The study provides real-world evidence on the impact of integrating a rapid AST platform into an established antimicrobial stewardship program.

## Key findings

- The AP group had faster initial susceptibility results but no significant difference in time to first appropriate therapy.
- Seven AST discordances were found in the AP group, including four major errors indicating false resistance.
- A well-established stewardship program may limit the added benefit of rapid AST in optimizing antibiotic regimens.

## Abstract

Rapid diagnostic tests for pathogen identification and antimicrobial susceptibility testing (AST) have enhanced clinicians’ ability to promptly initiate appropriate antimicrobials and streamline regimens. The purpose of this study was to evaluate the benefit of adding the Accelerate Pheno® (AP) system for rapid AST to an existing blood culture identification multiplex polymerase chain reaction (mPCR) workflow in Gram negative bloodstream infections (GNBSIs).

A multi-centered, retrospective, quasi-experimental study was conducted in patients hospitalized with aerobic GNBSIs between August 2022 and August 2024. Notable exclusions were patients with polymicrobial GNBSIs and those who were no longer hospitalized prior to initiation of antibiotic therapy or blood culture results. The primary endpoint of time to first appropriate streamlined therapy (FaST) was compared between an AP group and post-AP group during a 3-month period. Key secondary endpoints included time to first and final AST, time to de-escalation and notable discordances in AST.
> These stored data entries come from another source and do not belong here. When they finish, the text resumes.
(* Let $\alpha\in(0,1)$. Assume the setting described in the context, and assume: (i) (concentration over calibration data) there exist $\varepsilon_{\mathrm{cal}},\delta_{\mathrm{cal}}\in(0,1)$ such that for every measurable $q:(\mathcal{X}\times\mathcal{Y})^{n_{\mathrm{train}}}\to\mathbb{R}$, \[\mathbb{P}\left[\left|\frac{1}{n_{\mathrm{cal}}}\sum_{i\in I_{\mathrm{cal}}}\mathbf{1}\{\widehat{s}_{\mathrm{train}}(X_i,Y_i)\le q_{\mathrm{train}}\}-P_{q,\mathrm{train}}\right|\le\varepsilon_{\mathrm{cal}}\right]\ge 1-\delta_{\mathrm{cal}};\] (ii) (concentration over test data) there exist $\varepsilon_{\mathrm{test}},\delta_{\mathrm{test}}\in(0,1)$ such that for every measurable $q:(\mathcal{X}\times\mathcal{Y})^{n_{\mathrm{train}}}\to\mathbb{R}$, \[\mathbb{P}\left[\left|P_{q,\mathrm{train}}-\frac{1}{n_{\mathrm{test}}}\sum_{i\in I_{\mathrm{test}}}\mathbf{1}\{\widehat{s}_{\mathrm{train}}(X_i,Y_i)\le q_{\mathrm{train}}\}\right|\le\varepsilon_{\mathrm{test}}\right]\ge 1-\delta_{\mathrm{test}}.\] Let $\eta=\varepsilon_{\mathrm{cal}}+\varepsilon_{\mathrm{test}}$. Then \[\mathbb{P}\left[\frac{1}{n_{\mathrm{test}}}\sum_{i\in I_{\mathrm{test}}}\mathbf{1}\{Y_i\in C_{1-\alpha}(X_i)\}\ge 1-\alpha-\eta\right]\ge 1-\delta_{\mathrm{cal}}-\delta_{\mathrm{test}}.\] Additionally, if $\widehat{s}_{\mathrm{train}}(X_*,Y_* )$ almost surely has a continuous distribution conditionally on the training data, then \[\mathbb{P}\left[\left|\frac{1}{n_{\mathrm{test}}}\sum_{i\in I_{\mathrm{test}}}\mathbf{1}\{Y_i\in C_{1-\alpha}(X_i)\}-(1-\alpha)\right|\le\eta\right]\ge 1-2\delta_{\mathrm{cal}}-2\delta_{\mathrm{test}}.\]
   Context: Let $\mathcal{X},\mathcal{Y}$ be measurable spaces. The sample $(X_i,Y_i)_{i=1}^n$ consists of random pairs in $\mathcal{X}\times\mathcal{Y}$, and $(X_*,Y_* )$ is an additional random pair, independent of the sample, with $(X_i,Y_i)\sim(X_*,Y_* )$ for all $i\in\{1,\dots,n\}$. Write $n=n_{\mathrm{train}}+n_{\mathrm{cal}}+n_{\mathrm{test}}$ with positive integers, $I_{\mathrm{train}}=\{1,\dots,n_{\mathrm{train}}\}$, $I_{\mathrm{cal}}=\{n_{\mathrm{train}}+1,\dots,n_{\mathrm{train}}+n_{\mathrm{cal}}\}$, $I_{\mathrm{test}}=\{n_{\mathrm{train}}+n_{\mathrm{cal}}+1,\dots,n\}$. Let $s:(\mathcal{X}\times\mathcal{Y})^{n_{\mathrm{train}}+1}\to\mathbb{R}$ be any (measurable) function and $\widehat{s}_{\mathrm{train}}(x,y)=s((X_i,Y_i)_{i\in I_{\mathrm{train}}},(x,y))$. For $\phi\in[0,1)$, $\widehat{q}_{\phi,\mathrm{cal}}=\inf\{t\in\mathbb{R}:\frac{1}{n_{\mathrm{cal}}}\sum_{i\in I_{\mathrm{cal}}}\mathbf{1}\{\widehat{s}_{\mathrm{train}}(X_i,Y_i)\le t\}\ge\phi\}$ and $C_\phi(x)=\{y\in\mathcal{Y}:\widehat{s}_{\mathrm{train}}(x,y)\le\widehat{q}_{\phi,\mathrm{cal}}\}$. For measurable $q:(\mathcal{X}\times\mathcal{Y})^{n_{\mathrm{train}}}\to\mathbb{R}$, $q_{\mathrm{train}}=q((X_i,Y_i)_{i\in I_{\mathrm{train}}})$ and $P_{q,\mathrm{train}}=\mathbb{P}[\widehat{s}_{\mathrm{train}}(X_*,Y_* )\le q_{\mathrm{train}}\mid (X_i,Y_i)_{i\in I_{\mathrm{train}}}]$. *)

From HB Require Import structures.
From mathcomp Require Import all_boot all_order all_algebra.
From mathcomp Require Import all_classical all_reals all_analysis.
Set Implicit Arguments. Unset Strict Implicit. Unset Printing Implicit Defensive.
Import Order.TTheory GRing.Theory Num.Theory.
Local Open Scope classical_set_scope.
Local Open Scope ring_scope.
Among 355 charts reviewed, 228 patients were included in the analysis (125 in the AP group and 103 in the post-AP group). Baseline characteristics were similar between groups. A faster median time to initial susceptibilities was observed in the AP-group (39 h vs. 65.5 h, p< 0.0001). However, a median difference of 23.3 h to final susceptibilities was observed between the AP-group and the post-AP group (93.2 h vs. 69.9 h, p=0.008). A total of seven AST discordances were identified in the AP-group, four of which were major errors (false resistance). There was no significant difference in the median time to FaST (22.8 h vs. 11.6 h, p=0.2) or median time to de-escalation (41.9 h vs. 42 h, p =0.527).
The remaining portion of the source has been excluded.